### Activity
Set out exactly every line of the entries below, starting at the line that holds "(closedA j.+1 + a%:R * closedB j.+1)." and stopping after the line that holds "have -> : minn al n.+1".

### Given data
Lemma count_avoids_after k S a b : uniq S -> size S = k ->
  count (avoids_after a b) (arrangements k S) =
  nb_avoid k (rank_in S a) (rank_in S b).
Proof.
elim: k S a b => [|k IH] S a b uS sS; first by case: S uS sS.
pose F r := if (r < rank_in S b) && (r < k) then 0
  else if r < rank_in S a then nb_avoid k 0 (maxn (rank_in S a) (rank_in S b)).-1
  else nb_avoid k r (rank_in S b - (r < rank_in S b)).
rewrite count_arrangements (_ : nb_avoid _ _ _ = \sum_(r < size S) F r) ?sS //.
rewrite -sS -(sum_rank F uS).
apply: eq_big_seq => w wS.
have [uS' sS'] : uniq (rem w S) /\ size (rem w S) = k.
  by rewrite rem_uniq // size_rem // sS.
transitivity (count (fun t => ~~ ((w < b) && has (fun z => w < z) (rem w S)) &&
    (if w < a then avoids_after 0 (maxn a b) t else avoids_after w b t))
    (arrangements k (rem w S))).
  apply: eq_in_count => t; rewrite mem_arrangements // => tS /=.
  by rewrite avoids_after_cons (perm_has _ tS).
rewrite count_andl (rank_in_not_max uS wS) sS /= (rank_in_lt b wS) (rank_in_lt a wS) /F.
case: ifP => _; first by rewrite mul0n.
rewrite mul1n; case: ifP => wa; rewrite IH // !rank_in_remE // ?rank_in0 ?rank_in_max.
  by rewrite -(rank_in_lt a wS) in wa; rewrite leq_max wa subn1.
by rewrite ltnn subn0 (rank_in_lt b wS).
Qed.

Local Open Scope ring_scope.

(* Closed forms: [closedA n] is the claimed value (3^n - 2n + 3)/4 of a(n),
   and [closedH n al] is the value of [nb_avoid] with al the rank of the
   role-1 bound a and no role-2 constraint (be = 0). *)
Definition closedA (k : nat) : rat := (3 ^+ k - 2 * k%:R + 3) / 4.
Definition closedB (k : nat) : rat := (3 ^+ k.-1 + 1) / 2.
Definition closedH (n al : nat) : rat :=
  if al == 0%N then closedA n
  else closedA (n - al).+1 + (al.-1)%:R * closedB (n - al).+1.

Lemma closedA0 : closedA 0 = 1. Proof. by rewrite /closedA expr0; field. Qed.
Lemma closedA1 : closedA 1 = 1. Proof. by rewrite /closedA expr1; field. Qed.
Lemma closedB1 : closedB 1 = 1. Proof. by rewrite /closedB expr0; field. Qed.

Lemma closedA_rec k : closedA k.+2 = 4 * closedA k.+1 - 3 * closedA k + 1.
Proof. by rewrite /closedA !exprS -!natr1; field. Qed.

Lemma closedH_step (a j : nat) :
  closedA j.+2 + a%:R * closedB j.+2 - a.+1%:R * closedA j.+1 =
  closedA j.+1 + a.+1%:R * closedB j.+1 - a.+2%:R * closedA j +
  (closedA j.+1 + a%:R * closedB j.+1).
Proof. by rewrite /closedA /closedB /= !exprS -!natr1; field. Qed.

Lemma sum_lt_indicator (n al : nat) (X : rat) :
  \sum_(r < n) (if (r < al)%N then X else 0) = (minn al n)%:R * X.
Proof.
elim: n => [|n IH]; first by rewrite big_ord0 minn0 mul0r.
rewrite big_ord_recr /= IH.
have -> : minn al n.+1 = (minn al n + (n < al))%N by case: (ltnP n al) => h; lia.
by rewrite natrD mulrDl; case: (n < al)%N; rewrite ?mul1r ?mul0r ?addr0.
Qed.

Lemma sum_from_step n al (Y : nat -> rat) : (al < n)%N ->
  \sum_(r < n) (if (r < al)%N then 0 else Y r) =
  \sum_(r < n) (if (r < al.+1)%N then 0 else Y r) + Y al.
Proof.
move=> al_n; rewrite (bigD1 (Ordinal al_n)) // [in RHS](bigD1 (Ordinal al_n)) //=.
rewrite ltnn ltnSn add0r addrC; congr (_ + _); apply: eq_bigr => r /eqP r_al.
have r_al' : (r : nat) != al by apply/eqP => e; apply: r_al; exact: val_inj.
by rewrite ltnS [(r <= al)%N]leq_eqVlt (negbTE r_al').
Qed.

Lemma sum_closedH_from m al : (al <= m.+1)%N ->
  \sum_(r < m.+1) (if (r < al)%N then 0 else closedH m r) =
  closedH m.+1 al - al%:R * closedA (m.+1 - al).
Proof.
move=> al_m; have [d e] : exists d, (al + d = m.+1)%N by exists (m.+1 - al)%N; lia.
elim: d al e {al_m} => [|d IH] al e.
  rewrite addn0 in e; subst al; rewrite big1 => [|r _]; last by rewrite ltn_ord.
  by rewrite subnn closedA0 /closedH /= subnn closedA1 closedB1 -natr1; ring.
have al_m : (al < m.+1)%N by lia.
rewrite (sum_from_step _ al_m) (IH al.+1); last by lia.
case: al e al_m => [|a] e al_m; first by rewrite /closedH /= !subn0 subn1; ring.
rewrite /closedH /=.
have [-> -> ->] : [/\ (m.+1 - a.+1 = d.+1)%N, (m.+1 - a.+2 = d)%N & (m - a.+1 = d)%N].
  by split; lia.
by have := closedH_step a d; rewrite -natr1 => ->; rewrite -natr1; ring.
Qed.

Lemma closedH_rec m al : (al <= m.+1)%N ->
  \sum_(r < m.+1) (if (r < al)%N then closedH (m.+1 - al) 0 else closedH m r) =
  closedH m.+1 al.
Proof.
move=> al_m.
rewrite (eq_bigr (fun r : 'I_m.+1 => (if (r < al)%N then closedH (m.+1 - al) 0 else 0) +
   (if (r < al)%N then 0 else closedH m r))); last first.
  by move=> r _; case: ifP; rewrite ?addr0 ?add0r.
rewrite big_split /= sum_lt_indicator sum_closedH_from //.
have -> : minn al m.+1 = al by lia.
by rewrite /closedH /=; ring.
Qed.

Lemma nb_avoid_closed n al be : (al <= n)%N -> (be <= n)%N ->
  (nb_avoid n al be)%:R = closedH (n - be) (al - be).
Proof.
elim: n al be => [|m IH] al be al_n be_n.
  by have [-> ->] : al = 0%N /\ be = 0%N by lia.
pose G (r : nat) := if (r < be)%N && (r < m)%N then 0
  else if (r < al)%N then closedH (m - (maxn al be).-1) (0 - (maxn al be).-1)
  else closedH (m - (be - (r < be))) (r - (be - (r < be))).
have -> : (nb_avoid m.+1 al be)%:R = \sum_(0 <= r < m.+1) G r.
  rewrite /= natr_sum big_mkord; apply: eq_bigr => r _; rewrite /G.
  by have := ltn_ord r; case: ifP => _ //; case: ifP => _ ? ; rewrite IH //; lia.
case: (ltnP m be) => be_m.
  (* be = m + 1: only the last entry may come first, leaving one arrangement. *)
  rewrite big_nat_recr //= big1_seq ?add0r => [|r]; last first.
    by rewrite mem_index_iota /G => /and3P[_ _ r_m]; rewrite r_m (ltn_trans r_m be_m).
  rewrite /G ltnn andbF; have -> : be = m.+1 by lia.
  have -> : (al - m.+1 = 0)%N by lia.
  have -> : ((maxn al m.+1).-1 = m)%N by clear G; lia.
  by rewrite ltnSn subn1 /= !subnn; case: ifP.
(* be <= m: the first be ranks are forbidden; the others follow [closedH_rec]. *)
rewrite (@big_cat_nat _ _ _ be _ _ _ _ (leq0n be) (leqW be_m)) /=.
rewrite big1_seq ?add0r => [|r]; last first.
  by rewrite mem_index_iota /G => /and3P[_ _ r_be]; rewrite r_be (leq_trans r_be be_m).
rewrite -{1}(add0n be) big_addn (_ : m.+1 - be = (m - be).+1)%N; last by lia.
rewrite big_mkord -closedH_rec; last by lia.
apply: eq_bigr => r _; have r_lt := ltn_ord r.
rewrite /G (_ : (r + be < be)%N = false) /=; last by lia.
case: (ltnP (r + be) al) => r_al.
  by rewrite (_ : (r < al - be)%N); [congr closedH; lia | lia].
by rewrite (_ : (r < al - be)%N = false) ?subn0 ?addnK //; lia.
Qed.

Lemma a_cnt_closed n : (a_cnt n)%:R = closedA n.
Proof.
rewrite /a_cnt; have -> : [set s : 'S_n | pop_avoids 4 popP s] =
          [set s : 'S_n | avoids_after 0 0 (word s)].
  apply/setP => s; rewrite !inE avoids_after00 /pop_avoids; congr (~~ _).
  by apply/idP/idP => [/occ_pop_word|/pop_contains_word].
rewrite card_perm_words count_avoids_after ?iota_uniq ?size_iota //.
by rewrite !rank_in0 nb_avoid_closed // !subn0.
Qed.

Lemma a_cnt0 : a_cnt 0 = 1%N.
Proof. by apply/eqP; rewrite -(eqr_nat rat) a_cnt_closed closedA0. Qed.

Lemma a_cnt1 : a_cnt 1 = 1%N.
Proof. by apply/eqP; rewrite -(eqr_nat rat) a_cnt_closed closedA1. Qed.

Lemma a_cnt_rec m :
  (a_cnt m.+2)%:Z = 4 * (a_cnt m.+1)%:Z - 3 * (a_cnt m)%:Z + 1.
Proof.
suff : (a_cnt m.+2 + 3 * a_cnt m = 4 * a_cnt m.+1 + 1)%N by lia.
apply/eqP; rewrite -(eqr_nat rat) !natrD !a_cnt_closed closedA_rec.
by apply/eqP; ring.
Qed.

Lemma denominator_expand :
  (1 - 3%:P * 'X) * (1 - 'X) ^+ 2 = 1 - 'X *+ 5 + 'X^2 *+ 7 - 'X^3 *+ 3 :> {poly int}.
Proof. by rewrite (_ : 3%:P = 3%:R) ?polyC_natr //; ring. Qed.

Lemma numerator_expand : (1 - 2%:P * 'X) ^+ 2 = 1 - 'X *+ 4 + 'X^2 *+ 4 :> {poly int}.
Proof. by rewrite (_ : 2%:P = 2%:R) ?polyC_natr //; ring. Qed.

(* Coefficientwise, (sum a(n) x^n) (1-3x)(1-x)^2 = (1-2x)^2: the coefficient
   of x^i is a(i) - 5a(i-1) + 7a(i-2) - 3a(i-3), which the recurrence
   makes vanish for i >= 3. *)
Lemma a_cnt_gf N i : (i < N)%N ->
  ((\sum_(j < N) (a_cnt j)%:Z *: 'X^j) * ((1 - 3%:P * 'X) * (1 - 'X) ^+ 2)
     : {poly int})`_i = ((1 - 2%:P * 'X) ^+ 2 : {poly int})`_i.
Proof.
move=> i_N; set p := \sum_(j < N) _.
have pE k : (k < N)%N -> p`_k = (a_cnt k)%:Z.
  by move=> k_N; rewrite /p -(poly_def N (fun j => (a_cnt j)%:Z)) coef_poly k_N.
rewrite denominator_expand numerator_expand !mulrDr !mulrN mulr1 !mulrnAr.
rewrite !coefD !coefN !coefMn !coefMXn coefMX coef1 coefX !coefXn.
case: i i_N => [|[|[|i]]] i_N /=; rewrite ?subSS ?subn0 ?subnn !pE ?a_cnt0 ?a_cnt1 //;
  try lia.
- by rewrite (a_cnt_rec 0) a_cnt0 a_cnt1.
- by rewrite (a_cnt_rec i.+1) (a_cnt_rec i); ring.
Qed.

Theorem theorem3p11 :
  (* avoiding p = avoiding 4312, 4213, 3214, 4123, 3124 *)
  (forall (n : nat) (s : 'S_n),
     pop_avoids 4 popP s =
     [&& pat_avoids [:: 4; 3; 1; 2]%N s, pat_avoids [:: 4; 2; 1; 3]%N s,
         pat_avoids [:: 3; 2; 1; 4]%N s, pat_avoids [:: 4; 1; 2; 3]%N s &
         pat_avoids [:: 3; 1; 2; 4]%N s]) /\
  (a_cnt 0 = 1%N /\ a_cnt 1 = 1%N) /\
  (forall n : nat, (2 <= n)%N ->
     (a_cnt n)%:Z = 4 * (a_cnt n.-1)%:Z - 3 * (a_cnt n.-2)%:Z + 1) /\
  (forall n : nat,
     (a_cnt n)%:R = ((3 ^+ n - 2 * n%:R + 3) / 4 : rat)) /\
  (* formal power series identity  sum a(n) x^n = (1-2x)^2 / ((1-3x)(1-x)^2),
     i.e. (sum a(n) x^n) * (1-3x)(1-x)^2 = (1-2x)^2, checked coefficientwise
     via truncations *)
  (forall N i : nat, (i < N)%N ->
     ((\sum_(j < N) (a_cnt j)%:Z *: 'X^j) *
        ((1 - 3%:P * 'X) * (1 - 'X) ^+ 2) : {poly int})`_i
     = ((1 - 2%:P * 'X) ^+ 2 : {poly int})`_i).
Proof.
split; first exact: pop_avoids_patterns.
split; first by rewrite a_cnt0 a_cnt1.
split; first by case=> [|[|m]] // _; exact: a_cnt_rec.
split; first exact: a_cnt_closed.
exact: a_cnt_gf.
Qed.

### Answer below
  (closedA j.+1 + a%:R * closedB j.+1).
Proof. by rewrite /closedA /closedB /= !exprS -!natr1; field. Qed.

Lemma sum_lt_indicator (n al : nat) (X : rat) :
  \sum_(r < n) (if (r < al)%N then X else 0) = (minn al n)%:R * X.
Proof.
elim: n => [|n IH]; first by rewrite big_ord0 minn0 mul0r.
rewrite big_ord_recr /= IH.
have -> : minn al n.+1 = (minn al n + (n < al))%N by case: (ltnP n al) => h; lia.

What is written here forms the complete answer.